After a probe has been labeled, it is hybridized to the RNA on the membrane. The
membrane is washed to ensure that the probe has bound specifically and to prevent
background signals.

X-ray film can detect both the radioactive and chemiluminescent signals.

Applications

Northern blotting allows one to observe a particular gene's expression pattern between tissues,
organs, developmental stages, environmental stress levels, pathogen infection, and over the course
of treatment. The technique has been used to show over-expression of oncogenes and down-
regulation of tumor-suppressor genes in cancerous cells when compared to 'normal' tissueas well as
the gene expression in the rejection of transplanted organs. If an up-regulated gene is observed by
an abundance of mRNA on the northern blot the sample can then be sequenced to determine if the
gene is known to researchers or if it is a novel finding. The expression patterns obtained under given
conditions can provide insight into the function of that gene. Since the RNA is first separated by size,
if only one probe type is used variance in the level of each band on the membrane can provide
insight into the size of the product, suggesting alternative splice products of the same gene or
repetitive sequence motifs. The variance in size of a gene product can also indicate deletions or
errors in transcript processing, by altering the probe target used along the known sequence it is
possible to determine which region of the RNA is missing.
Western blotting

THEORETICAL ASPECTS

The term "blotting" refers to the transfer of biological samples from a gel to a membrane and their
subsequent detection on the surface of the membrane. The Western blot (alternatively, protein
immunoblot) is a widely used analytical technique used to detect specific proteins in the given
sample of tissue homogenate or extract. It uses gel electrophoresis to separate native or denatured
proteins usually by the length of the polypeptide. The proteins are then transferred to a membrane
(typically nitrocellulose or PVDF), where they are probed (detected) using antibodies specific to the
target protein.

The name Western blot was given to the technique because it is similar to Southern blotting which
was invented by and named after the inventor E. M. Southern. Western blotting is also called
immunoblotting because an antibody is used to specifically detect its antigen. The specificity of the
antibody-antigen interaction enables a target protein to be identified in the midst of a complex
protein mixture. Western blotting can produce qualitative and semiquantitative data about that
protein.

Method

1. Tissue/Protein sample preparation

Samples may be taken from whole tissue or from cell culture. In most cases, solid tissues are first
broken down mechanically using a blender (for larger sample volumes), using a homogenizer
(smaller volumes), or by sonication. Assorted detergents, salts, and buffers may be employed to
encourage lysis of cells and to solubilize proteins. Protease and phosphatase inhibitors are often
added to prevent the digestion of the sample by its own enzymes. Tissue preparation is often done
at cold temperatures to avoid protein denaturing and degradation.
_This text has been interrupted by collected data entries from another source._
Lemma soliton_field_pd (j : nat) (p : pt) : (j <= 1)%nat -> U p ->
  pd j (X 0%nat) p = c * (pd j (pd 0 F) p * F p - pd 0 F p * pd j F p) / F p ^ 2 /\
  pd j (X 1%nat) p =
    c * (pd j (pd 1 F) p * (sin (fst p) ^ 2 * F p)
         - pd 1 F p * (pd j (fun q => sin (fst q) ^ 2) p * F p + sin (fst p) ^ 2 * pd j F p))
      / (sin (fst p) ^ 2 * F p) ^ 2.
Proof.
  intros Hj Hp; pose proof (sin_pos_on p Hp) as Hs; pose proof (HF0 p Hp) as HFp.
  destruct (smooth_ex_pd2 U F p HF Hp 0%nat j ltac:(lia) Hj) as [Fj F0j].
  destruct (smooth_ex_pd2 U F p HF Hp 1%nat j ltac:(lia) Hj) as [_ F1j].
  assert (Hsin2 : ex_pd j (fun q => sin (fst q) ^ 2) p)
    by (destruct (pd_sin2 p) as [_ [_ [E0 E1]]]; destruct j; assumption).
  split.
  - rewrite (pd_ext_open U j (X 0%nat) (fun q => c * pd 0 F q / F q))
      by (assumption || (intros q Hq; apply soliton_field; exact Hq)).
    rewrite pd_div, pd_scal; [unfold Rdiv; ring | apply ex_pd_scal | |]; assumption.
  - rewrite (pd_ext_open U j (X 1%nat) (fun q => c * pd 1 F q / (sin (fst q) ^ 2 * F q)))
      by (assumption || (intros q Hq; apply soliton_field; exact Hq)).
    rewrite pd_div, pd_scal, pd_mult; [unfold Rdiv; ring | | | apply ex_pd_scal | apply ex_pd_mult |];
      try assumption.
    apply Rmult_integral_contrapositive; split; [apply pow_nonzero|]; lra.
Qed.

(* The (0,0), (0,1), (1,1) components of the soliton equation are, after
   multiplication by F/2, the three equations of the Hessian system. *)
Lemma soliton_hessian (p : pt) : U p -> sphere_hessian F p.
Proof.
  intros Hp; pose proof (sin_pos_on p Hp) as Hs; pose proof (HF0 p Hp) as HFp.
  destruct (soliton_field p Hp) as [X0 X1].
  destruct (soliton_field_pd 0%nat p ltac:(lia) Hp) as [DX00 DX01].
  destruct (soliton_field_pd 1%nat p ltac:(lia) Hp) as [DX10 DX11].
  destruct (pd_sin2 p) as [S0 [S1 _]].
  assert (Hsoliton : forall i j, (i <= 1)%nat -> (j <= 1)%nat ->
    lam / 3 * round_metric lam i j p =
      / 2 * (-2 * pd i F p / F p * (-2 * pd j F p / F p))
      - / 2 * lie_metric (round_metric lam) X i j p + lam * round_metric lam i j p).
  { intros i j Hi Hj; rewrite <- (Hflat i p), <- (Hflat j p), <- ricci_round by (lra || auto).
    apply Hric; assumption. }
  pose proof (Hsoliton 0%nat 0%nat ltac:(lia) ltac:(lia)) as E00.
  pose proof (Hsoliton 0%nat 1%nat ltac:(lia) ltac:(lia)) as E01.
  pose proof (Hsoliton 1%nat 1%nat ltac:(lia) ltac:(lia)) as E11.
  unfold lie_metric, sum2 in E00, E01, E11; rewrite !round_metric_pd in E00, E01, E11.
  rewrite X0, X1, DX00, DX01, DX10, DX11, S0, S1 in *.
  unfold round_metric, c in E00, E01, E11; cbn [Nat.eqb andb] in E00, E01, E11.
  pose proof (smooth_pd_comm U F p HU HF Hp) as Hsym.
  unfold sphere_hessian.
  set (s := sin (fst p)) in *; set (co := cos (fst p)) in *.
  set (F0 := pd 0 F p) in *; set (F1 := pd 1 F p) in *.
  set (F00 := pd 0 (pd 0 F) p) in *; set (F10 := pd 1 (pd 0 F) p) in *.
  set (F01 := pd 0 (pd 1 F) p) in *; set (F11 := pd 1 (pd 1 F) p) in *.
  set (Fp := F p) in *.
  rewrite Hsym in E01 |- *.
  assert (Hne : lam <> 0 /\ Fp <> 0 /\ s <> 0) by (repeat split; lra).
  repeat split.
  - apply (eq_from_residual _ _ _ _ (Fp / 2) E00); field; tauto.
  - apply (eq_from_residual _ _ _ _ (Fp / 2) E01); field; tauto.
  - apply (eq_from_residual _ _ _ _ (Fp / 2) E01); field; tauto.
  - apply (eq_from_residual _ _ _ _ (Fp / 2) E11); field; tauto.
Qed.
2. Electrophoretic separation of proteins

Proteins are commonly separated using polyacrylamide gel electrophoresis (PAGE) to characterize
individual proteins in a complex sample or to examine multiple proteins within a single sample.
Several forms of PAGE exist and can provide different types of information about the protein(s).For
example, denaturing PAGE is used to separate proteins by their length while native/non-denaturing
PAGE separates proteins by their 3-D structure.

3. Transfer of proteins to the membrane (blotting)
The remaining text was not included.